Recommended Metadata
It is recommended to minimally provide "dc.title" and, where applicable, "dc.date.issued". Obviously you can (and should) provide much more detailed metadata about the Item. For more information see: Metadata Recommendations.
The contents file simply enumerates, one file per line, the bitstream file names. See the following example:
file_1.doc file_2.pdf license |
Please notice that the license is optional, and if you wish to have one included, you can place the file in the .../item_001/ directory, for example.
The bitstream name may optionally be followed by any of the following:
- \tbundle:BUNDLENAME
- \tpermissions:PERMISSIONS
- \tdescription:DESCRIPTION
- \tprimary:true
Where '\t' is the tab character.
'BUNDLENAME' is the name of the bundle to which the bitstream should be added. Without specifying the bundle, items will go into the default bundle, ORIGINAL.
'PERMISSIONS' is text with the following format: -[r|w] 'group name'
'DESCRIPTION' is text of the files description.
Primary is used to specify the primary bitstream.
Configuring metadata_[prefix].xml for Different Schema
It is possible to use other Schema such as EAD, VRA Core, etc. Make sure you have defined the new scheme in the DSpace Metada Schema Registry.
- Create a separate file for the other schema named metadata_[prefix].xml, where the [prefix] is replaced with the schema's prefix.
- Inside the xml file use the dame Dublin Core syntax, but on the <dublin_core> element include the attribute schema=[prefix].

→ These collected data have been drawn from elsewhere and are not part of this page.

(* Let $\mathcal E_i\equiv 1\to H_i\xrightarrow{\alpha_i}G_i\xrightarrow{\beta_i}K_i\to1$ ($i=1,2$) be central extensions of multiplicative Lie algebras and $(\lambda,\mu,\nu)$ a morphism from $\mathcal E_1$ to $\mathcal E_2$. Then $(\lambda,\mu,\nu)$ is an isoclinic morphism if and only if $\nu$ is a multiplicative Lie algebra isomorphism and $\ker\mu\cap{}^M[G_1,G_1]=1$.
   Context: A multiplicative Lie algebra is a group $(G,\cdot)$ with a binary operation $\star$ such that for all $x,y,z\in G$: $x\star x=1$; $x\star(yz)=(x\star y)\,{}^y(x\star z)$; $(xy)\star z={}^x(y\star z)(x\star z)$; $((x\star y)\star{}^yz)((y\star z)\star{}^zx)((z\star x)\star{}^xy)=1$; ${}^z(x\star y)={}^zx\star{}^zy$, where ${}^xy=xyx^{-1}$. Homomorphisms preserve both operations. $Z(G)$ is the group center, $LZ(G)=\{x: x\star y=1\ \forall y\}$, $\mathcal Z(G)=LZ(G)\cap Z(G)$; $[x,y]$ is the group commutator; ${}^M[G,G]=(G\star G)[G,G]$ where $G\star G$ is the ideal generated by all $a\star b$. A central extension is a short exact sequence $1\to H\xrightarrow{\alpha}G\xrightarrow{\beta}K\to1$ of multiplicative Lie algebras with $\alpha(H)\subseteq\mathcal Z(G)$. A morphism $(\lambda,\mu,\nu)$ from $\mathcal E_1$ to $\mathcal E_2$ consists of homomorphisms $\lambda:H_1\to H_2$, $\mu:G_1\to G_2$, $\nu:K_1\to K_2$ with $\mu\alpha_1=\alpha_2\lambda$ and $\beta_2\mu=\nu\beta_1$. An isoclinism between $\mathcal E_1,\mathcal E_2$ is a pair of isomorphisms $\lambda':K_1\to K_2$, $\mu':{}^M[G_1,G_1]\to{}^M[G_2,G_2]$ such that $\mu'([g,g'])=[h,h']$ and $\mu'(g\star g')=h\star h'$ whenever $g,g'\in G_1$, $h,h'\in G_2$ satisfy $\beta_2(h)=\lambda'\beta_1(g)$, $\beta_2(h')=\lambda'\beta_1(g')$. A morphism $(\lambda,\mu,\nu)$ is an isoclinic morphism if $(\nu,\mu|_{{}^M[G_1,G_1]})$ is an isoclinism between $\mathcal E_1$ and $\mathcal E_2$. *)

From Stdlib Require Import Utf8.

Set Implicit Arguments.
Unset Strict Implicit.

Record MLA : Type := {
  car :> Type;
  mul : car -> car -> car;
  one : car;
  inv : car -> car;
  star : car -> car -> car;
  mulA : forall x y z, mul x (mul y z) = mul (mul x y) z;
  mul1x : forall x, mul one x = x;
  mulx1 : forall x, mul x one = x;
  mulVx : forall x, mul (inv x) x = one;
  mulxV : forall x, mul x (inv x) = one;
  star_xx : forall x, star x x = one;
  star_mulr : forall x y z,
    star x (mul y z) = mul (star x y) (mul (mul y (star x z)) (inv y));
  star_mull : forall x y z,
    star (mul x y) z = mul (mul (mul x (star y z)) (inv x)) (star x z);
  star_jacobi : forall x y z,
    let cj := fun a b => mul (mul a b) (inv a) in
    mul (mul (star (star x y) (cj y z)) (star (star y z) (cj z x)))
        (star (star z x) (cj x y)) = one;
  star_conj : forall x y z,
    let cj := fun a b => mul (mul a b) (inv a) in
    cj z (star x y) = star (cj z x) (cj z y)
}.

Arguments mul {m}. Arguments one {m}. Arguments inv {m}. Arguments star {m}.

Section Basic.
Variable G : MLA.

Definition conjl (x y : G) : G := mul (mul x y) (inv x).
Definition gcomm (x y : G) : G := mul (mul (mul x y) (inv x)) (inv y).

Definition is_subgroup (S : G -> Prop) : Prop :=
  S one /\ (forall x y, S x -> S y -> S (mul x y)) /\ (forall x, S x -> S (inv x)).

Definition is_ideal (I : G -> Prop) : Prop :=
  is_subgroup I /\ (forall g x, I x -> I (conjl g x)) /\
  (forall g x, I x -> I (star g x)) /\ (forall g x, I x -> I (star x g)).

Definition starGG (x : G) : Prop :=
  forall I, is_ideal I -> (forall a b, I (star a b)) -> I x.

Definition commGG (x : G) : Prop :=
  forall S, is_subgroup S -> (forall a b, S (gcomm a b)) -> S x.

Definition McommGG (x : G) : Prop :=
  exists a b, starGG a /\ commGG b /\ x = mul a b.

Definition center (x : G) : Prop := forall y, mul x y = mul y x.
Definition Lcenter (x : G) : Prop := forall y, star x y = one.
Definition Zcenter (x : G) : Prop := Lcenter x /\ center x.

End Basic.

Definition mla_hom (G1 G2 : MLA) (f : G1 -> G2) : Prop :=
  (forall x y, f (mul x y) = mul (f x) (f y)) /\
  (forall x y, f (star x y) = star (f x) (f y)).

Definition mla_iso (G1 G2 : MLA) (f : G1 -> G2) : Prop :=
  mla_hom f /\ (forall x y, f x = f y -> x = y) /\ (forall z, exists x, f x = z).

- Here is an example for ETD metadata, which would be in the file metadata_etd.xml:
<?xml version="1.0" encoding="UTF-8"?> <dublin_core schema="etd"> <dcvalue element="degree" qualifier="department">Computer Science</dcvalue> <dcvalue element="degree" qualifier="level">Masters</dcvalue> <dcvalue element="degree" qualifier="grantor">Michigan Institute of Technology</dcvalue> </dublin_core> |